PROVIDED RECORDS:

(* Let $\lambda\neq0$ and $x$ be fixed, and let \[ F=F(t;x,\lambda)=\frac{2\lambda}{2\lambda+\log(1+\lambda t)}\Bigl(1+\lambda^{-1}\log(1+\lambda t)\Bigr)^{x}, \] considered for $t$ in a neighborhood of $0$ (or as a formal power series in $t$). Then for every integer $N\ge1$, $F$ satisfies the linear differential equation \[ \frac{d^N F}{dt^N}=\lambda^{N}(1+\lambda t)^{-N}\left(\sum_{r=1}^{N}\sum_{i=0}^{r}a^{(\lambda)}_{i,r-i}(N,x)\,\bigl(2\lambda+\log(1+\lambda t)\bigr)^{-i}\bigl(\lambda+\log(1+\lambda t)\bigr)^{-(r-i)}\right)F, \] where, for $1\le r\le N$ and $0\le i\le r$, \[ a^{(\lambda)}_{i,r-i}(N,x)=(-1)^{N+i-r}\, i!\, S_{1,i-1}(r-i)\,(N-1)!\,H_{N-1,r-1}\,(x)_{r-i}. \]
   Context: $(x)_0=1$ and $(x)_n=x(x-1)\cdots(x-n+1)$ for $n\ge1$. Generalized harmonic numbers: $H_{N,0}=1$ for all integers $N\ge 0$; $H_{N,1}=1+\frac12+\cdots+\frac1N$ for $N\ge1$; and for $2\le j\le N$, $H_{N,j}=\frac{H_{N-1,j-1}}{N}+\frac{H_{N-2,j-1}}{N-1}+\cdots+\frac{H_{j-1,j-1}}{j}$. Generalized Changhee power sums (for $k=1$), for integers $N\ge0$: $S_{1,-1}(N)=1$, $S_{1,0}(N)=N+1$, $S_{1,j}(N)=\sum_{l=0}^{N}S_{1,j-1}(l)$ for $j\ge1$. *)

From Stdlib Require Import Reals List Factorial.
Import ListNotations.
Open Scope R_scope.

Definition sumR (l : list nat) (f : nat -> R) : R :=
  fold_right Rplus 0 (map f l).

Fixpoint falling (x : R) (n : nat) : R :=
  match n with
  | O => 1
  | S m => falling x m * (x - INR m)
  end.
Lemma path_length_site_within p e t l : is_point ne len p -> (e < ne)%nat -> 0 <= t <= len e ->
  path_lengths p (e, t) l -> edge_site_within p e t l.
Proof.
  intros Hp He Ht [[Hpe ->]|[a [b [r [s [w [Hr [Hs [Hw ->]]]]]]]]].
  - right; right. simpl in *. split; [exact Hpe|]. rewrite Rabs_minus_sym. lra.
  - assert (0 <= r) by (eapply endpoint_dist_nonneg; eauto).
    assert (0 <= s) by (apply (endpoint_dist_nonneg (e, t) b); [split; auto | exact Hs]).
    assert (0 <= walk_length len w) by (eapply walk_length_nonneg; eauto).
    assert (Hbe : incident e b) by (destruct Hs as [[-> _]|[-> _]]; [left | right]; reflexivity).
    destruct (Nat.eq_dec (degree ne src tgt b) 1) as [Hleaf|Hnl].
    + destruct (enter_through_leaf p a b r w e) as [[Hpe Hr']|Hlong]; auto.
      * right; right. split; [exact Hpe|].
        pose proof (endpoint_round_trip p e b r s t Hpe Hp Ht Hr' Hs (Hloop e He)). lra.
      * apply long_path_site_within; auto. lra.
    + assert (Hb : nonleaf b = true) by (apply Bool.negb_true_iff, Nat.eqb_neq; exact Hnl).
      destruct Hs as [[-> ->]|[-> ->]]; simpl in Hb |- *; [left | right; left]; split; auto; lra.
Qed.

Lemma dist_site_within p e t : is_point ne len p -> (e < ne)%nat -> 0 <= t <= len e ->
  edge_site_within p e t (Defs.dist ne src tgt len p (e, t)).
Proof.
  intros Hp He Ht. change (Defs.dist ne src tgt len p (e, t)) with (Rinf (path_lengths p (e, t))).
  destruct (Rinf_ge_option (path_lengths p (e, t))
              [(nonleaf (src e) = true, t); (nonleaf (tgt e) = true, len e - t);
               (fst p = e, Rabs (t - snd p))]) as [o [Ho [Po Vo]]].
  - apply path_lengths_nonempty; auto.
  - apply path_lengths_bounded_below; auto.
  - intros l Hl.
    destruct (path_length_site_within p e t l Hp He Ht Hl) as [[P V]|[[P V]|[P V]]];
      [exists (nonleaf (src e) = true, t) | exists (nonleaf (tgt e) = true, len e - t)
      | exists (fst p = e, Rabs (t - snd p))]; simpl; intuition.
  - unfold edge_site_within. simpl in Ho.
    destruct Ho as [<-|[<-|[<-|[]]]]; simpl in *; tauto.
Qed.

Variables (n : nat) (x : nat -> point).
Hypothesis Hn : (1 <= n)%nat.
Hypothesis Hx : forall i, (i < n)%nat -> is_point ne len (x i).

Definition dist_to_nearest (e : nat) (t : R) : R :=
  minR n (fun i => Defs.dist ne src tgt len (x i) (e, t)).

Definition sites_on_edge (e : nat) : list R :=
  map (fun i => snd (x i)) (filter (fun i => Nat.eqb (fst (x i)) e) (seq 0 n)).

Definition edge_weight (e : nat) : R :=
  site_weight (sites_on_edge e) (nonleaf (src e)) (nonleaf (tgt e)).

Lemma In_sites_on_edge i : (i < n)%nat -> In (snd (x i)) (sites_on_edge (fst (x i))).
Proof.
  intros Hi. apply (in_map (fun j => snd (x j))), filter_In. split; [apply in_seq; lia | apply Nat.eqb_refl].
Qed.

Lemma dist_to_nearest_dominates e : (e < ne)%nat ->
  dominates_site_dist (dist_to_nearest e) 0 (len e) (nonleaf (src e)) (nonleaf (tgt e))
    (sites_on_edge e).
Proof.
  intros He t Ht. unfold dist_to_nearest.
  destruct (minR_attained n (fun i => Defs.dist ne src tgt len (x i) (e, t)) Hn) as [i [Hi ->]].
  destruct (dist_site_within (x i) e t (Hx i Hi) He Ht) as [H|[H|[Hpe H]]].
  - left. rewrite Rminus_0_r. exact H.
  - right; left; exact H.
  - right; right. exists (snd (x i)). split; [|exact H].
    rewrite <- Hpe. apply In_sites_on_edge, Hi.
Qed.

Lemma edge_weight_pos e : (e < ne)%nat -> 0 < edge_weight e.
Proof.
  intros He. unfold edge_weight, site_weight, b2r, nonleaf.
  pose proof (pos_INR (length (sites_on_edge e))).
  destruct (Nat.eqb_spec (degree ne src tgt (src e)) 1) as [Hs|Hs],
           (Nat.eqb_spec (degree ne src tgt (tgt e)) 1) as [Ht|Ht]; simpl; try lra.
  (* e is then the whole network, so it carries every x i *)
  assert (Hx0 : fst (x 0%nat) = e) by (apply isolated_edge_unique; auto; apply (Hx 0%nat); lia).
  pose proof (In_sites_on_edge 0%nat ltac:(lia)) as Hin. rewrite Hx0 in Hin.
  destruct (sites_on_edge e) as [|s S]; [contradiction|].
  simpl length. rewrite S_INR. pose proof (pos_INR (length S)). lra.
Qed.

Lemma edge_cost_ge e : (e < ne)%nat ->
  (len e)^2 / (2 * edge_weight e) <= RInt (dist_to_nearest e) 0 (len e).
Proof.
  intros He. pose proof (Hlen e He).
  assert (Hg : nonexpansive (dist_to_nearest e)).
  { apply (minR_nonexpansive n (fun i t => Defs.dist ne src tgt len (x i) (e, t))).
    intros i Hi. apply dist_nonexpansive; auto. }
  rewrite RInt_Riemann_eq by (auto; lra).
  replace (len e) with (len e - 0) at 1 by ring. unfold edge_weight.
  apply RInt_ge_site_weight; auto; try lra.
  - intros s Hs. apply in_map_iff in Hs as [i [<- Hi]].
    apply filter_In in Hi as [Hi Hf]. apply in_seq in Hi. apply Nat.eqb_eq in Hf.
    destruct (Hx i ltac:(lia)) as [_ Hb]. rewrite Hf in Hb. exact Hb.
  - apply dist_to_nearest_dominates, He.
  - apply edge_weight_pos, He.
Qed.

TASK REQUIREMENTS:
Tally the lines of the preceding listing in which the word "Hypothesis" appears; state nothing but the total.

EXERCISE ANSWER:
2